You can also compress any object before uploading the S3 object. You just create a compressed file (eg ZIP, GZIP, or equivalent), which will be smaller than the original. And then you upload the compressed file to S3. The amount of data used in S3 will be lower. Then Amazon S3 costs will be reduced.
Note that, to get the original file, you will have to download it and
also decompress it. But you could save a lot of space in S3 (for example when using text files).
Remember that you also pay for the number of operations done in
Amazon S3. If you have to download many S3 objects simultaneously, it might be a good idea to pack them into one big object (e.g. TAR, ZIP, or equivalent).
Some storage classes have minimum capacity charges for objects. For
example, the minimum capacity charge per object for S3 Standard-IA and
S3 One Zone-IA is 128KB. And the minimum capacity charge per object for
S3 Glacier and S3 Glacier Deep Archive classes are 40 Kb.
For this reason, a small 1 KB object (having S3 Standard-IA class)
will be charged as 128 KB. Packing multiple files together will take advantage of minimum capacity charges. If you pack small size objects together, you will also reduce your S3 costs.
S3 Object versioning is a very useful tool. Every time you change the
contents of an object, AWS will keep the previous version of it. But if
you have a 1 MB object with 100 versions, then you will be paying for
100 MB of storage.
But you can use lifecycle policies to automatically delete previous versions after some time. For example, you set a policy to delete objects after 30 days of becoming non-current. This will limit the number of versions stored, and lower the storage used. This is another approach to increase your savings.
f you can wait for some hours to retrieve the objects, you can save money. So try to use Bulk Retrieval mode if possible. You can choose the retrieval mode when you request this retrieval.
Some applications store tables as Amazon S3 objects. These tables have a specific format (like JSON, CSV, or Apache Parquet formats). To query the data, you have to download the whole file. And then you have to query the whole table to find the desired data inside the table.
But there are more efficient ways to get the contents. AWS offers tools like Amazon Athena, S3 Select, or Amazon Redshift Spectrum.
These tools allow you to perform queries directly on the cloud. They process the data using SQL commands. And then they send you the data you need.
These tools offer many advantages. As the queries are completed on the cloud, you will need less processing power locally. Another benefit is that you download less data from Amazon S3. This makes the process faster and cheaper. Remember that you are charged by the amount of data downloaded from S3. If less data is requested, then you will save money on bandwidth.
Note that S3 queries have a small additional cost. You should evaluate whether you will get a cost optimization.
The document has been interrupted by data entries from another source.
(* Let $q$ be an odd prime power and $d\ge 2$. Let $V$ be a $(2d+1)$-dimensional vector space over $\mathbb{F}_q$ with basis $z,e_0,f_0,x,y,e_1,f_1,\dots,e_{d-2},f_{d-2}$ and nondegenerate symmetric bilinear form $\beta$ with $V=\langle z\rangle\perp\langle e_0,f_0\rangle\perp\langle x,y\rangle\perp\langle e_1,f_1\rangle\perp\cdots\perp\langle e_{d-2},f_{d-2}\rangle$, $\beta(z,z)=1$, $\beta(e_i,f_i)=1$, $\beta(e_i,e_i)=\beta(f_i,f_i)=0$, and $\langle x,y\rangle$ anisotropic; let $\kappa(v)=\beta(v,v)/2$ and $U=\langle x,y,e_1,f_1,\dots,e_{d-2},f_{d-2}\rangle$. Let $M$ be a maximal (a totally singular $d$-dimensional subspace of $V$). Then $M$ has a basis $b_1,\dots,b_d$ of one of the following forms, where $u_1,\dots,u_d\in U$ and $\lambda,\mu\in\mathbb{F}_q$: (i) $b_1=z+u_1$, $b_2=e_0+u_2$, $b_3=f_0+u_3$, $b_i=u_i$ for $4\le i\le d$; (ii) $b_1=z+\lambda f_0+u_1$, $b_2=e_0+\mu f_0+u_2$, $b_i=u_i$ for $3\le i\le d$; (iii) $b_1=z+\lambda e_0+u_1$, $b_2=f_0+u_2$, $b_i=u_i$ for $3\le i\le d$.
   Context: A subspace is totally singular if $\kappa$ vanishes on all its vectors. *)

From HB Require Import structures.
From mathcomp Require Import all_boot all_order all_algebra.
Set Implicit Arguments. Unset Strict Implicit. Unset Printing Implicit Defensive.
Import GRing.Theory.
Local Open Scope ring_scope.

Section Defs.
Variables (F : fieldType) (V : vectType F).

Definition qf_hyp_seq (e f : nat -> V) (d : nat) : seq V :=
  flatten [seq [:: e i; f i] | i <- iota 1 (d - 2)].

Definition qf_full_basis (z x y : V) (e f : nat -> V) (d : nat) : seq V :=
  [:: z; e 0%N; f 0%N; x; y] ++ qf_hyp_seq e f d.

Definition qf_Usp (x y : V) (e f : nat -> V) (d : nat) : {vspace V} :=
  <<[:: x; y] ++ qf_hyp_seq e f d>>%VS.

Definition qf_blocks (z x y : V) (e f : nat -> V) (d : nat) : seq {vspace V} :=
  [:: <[z]>%VS; <<[:: e 0%N; f 0%N]>>%VS; <<[:: x; y]>>%VS] ++
  [seq <<[:: e i; f i]>>%VS | i <- iota 1 (d - 2)].

Definition qf_orth (beta : V -> V -> F) (A B : {vspace V}) : Prop :=
  forall a b, a \in A -> b \in B -> beta a b = 0.

Definition qf_bilin_form (beta : V -> V -> F) : Prop :=
  (forall a u v w, beta (a *: u + v) w = a * beta u w + beta v w) /\
  (forall a u v w, beta w (a *: u + v) = a * beta w u + beta w v).

Definition qf_symm_form (beta : V -> V -> F) : Prop :=
  forall u v, beta u v = beta v u.

Definition qf_nondegenerate (beta : V -> V -> F) : Prop :=
  forall v, (forall w, beta v w = 0) -> v = 0.

Definition qf_anisotropic (beta : V -> V -> F) (W : {vspace V}) : Prop :=
  forall v, v \in W -> v != 0 -> beta v v != 0.

Definition qf_kappa (beta : V -> V -> F) (v : V) : F := beta v v / 2%:R.

Definition qf_totally_singular (beta : V -> V -> F) (W : {vspace V}) : Prop :=
  forall v, v \in W -> qf_kappa beta v = 0.

End Defs.

From HB Require Import structures.
From mathcomp Require Import all_boot all_order all_algebra.
From mathcomp Require Import pgroup abelian.
From mathcomp Require Import zify.
Set Implicit Arguments. Unset Strict Implicit. Unset Printing Implicit Defensive.
Import GRing.Theory.
Local Open Scope ring_scope.

(* Let pi0 be the orthogonal projection of V onto <z, e_0, f_0>; its kernel is U.
   The space M :&: ker pi0 is totally isotropic inside U, an anisotropic plane
   plus d - 2 hyperbolic planes, and such a space contains no totally isotropic
   subspace of dimension > d - 2 (peel off one hyperbolic plane at a time).
   Hence pi0(M) has dimension 2 or 3, and lifting a basis of pi0(M) to M and
   appending a basis of M :&: ker pi0 gives a basis of M.  If dim pi0(M) = 3 we
   lift z, e_0, f_0: form (i).  If it is 2, M is not orthogonal to z (else M
   would be totally isotropic in <x,y> plus d - 1 hyperbolic planes), so some
   m1 in M has beta(m1, z) = 1, and some m2 in M with beta(m2, z) = 0 has
   pi0 m2 outside the line of pi0 m1, i.e. pi0 m2 is a nonzero vector of
   <e_0, f_0>.  Normalising m2 against f_0, or against e_0 when
   beta(m2, f_0) = 0, and clearing that coordinate from m1 gives form (ii),
   resp. (iii). *)

Section BilinearForm.
Variables (F : fieldType) (V : vectType F) (beta : V -> V -> F).
Hypotheses (beta_bilin : qf_bilin_form beta) (beta_sym : qf_symm_form beta).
Some regions are much expensive than others. And this applies to
Amazon S3 prices also. So it’s worth considering moving your S3 bucket to a region with lower prices.
Another factor to consider is data transfer costs between AWS
regions. Data sent from a bucket to a VPC in the same region is free.
But sending data to a VPC in another region will have a cost per Gb.
It’s a good idea to keep a bucket in the region where data is sent.
In this article, you learned the common strategies to reduce
Amazon S3 costs. Now it’s time to take action. Pick the strategies that work best for your workload in AWS and let me know how it goes!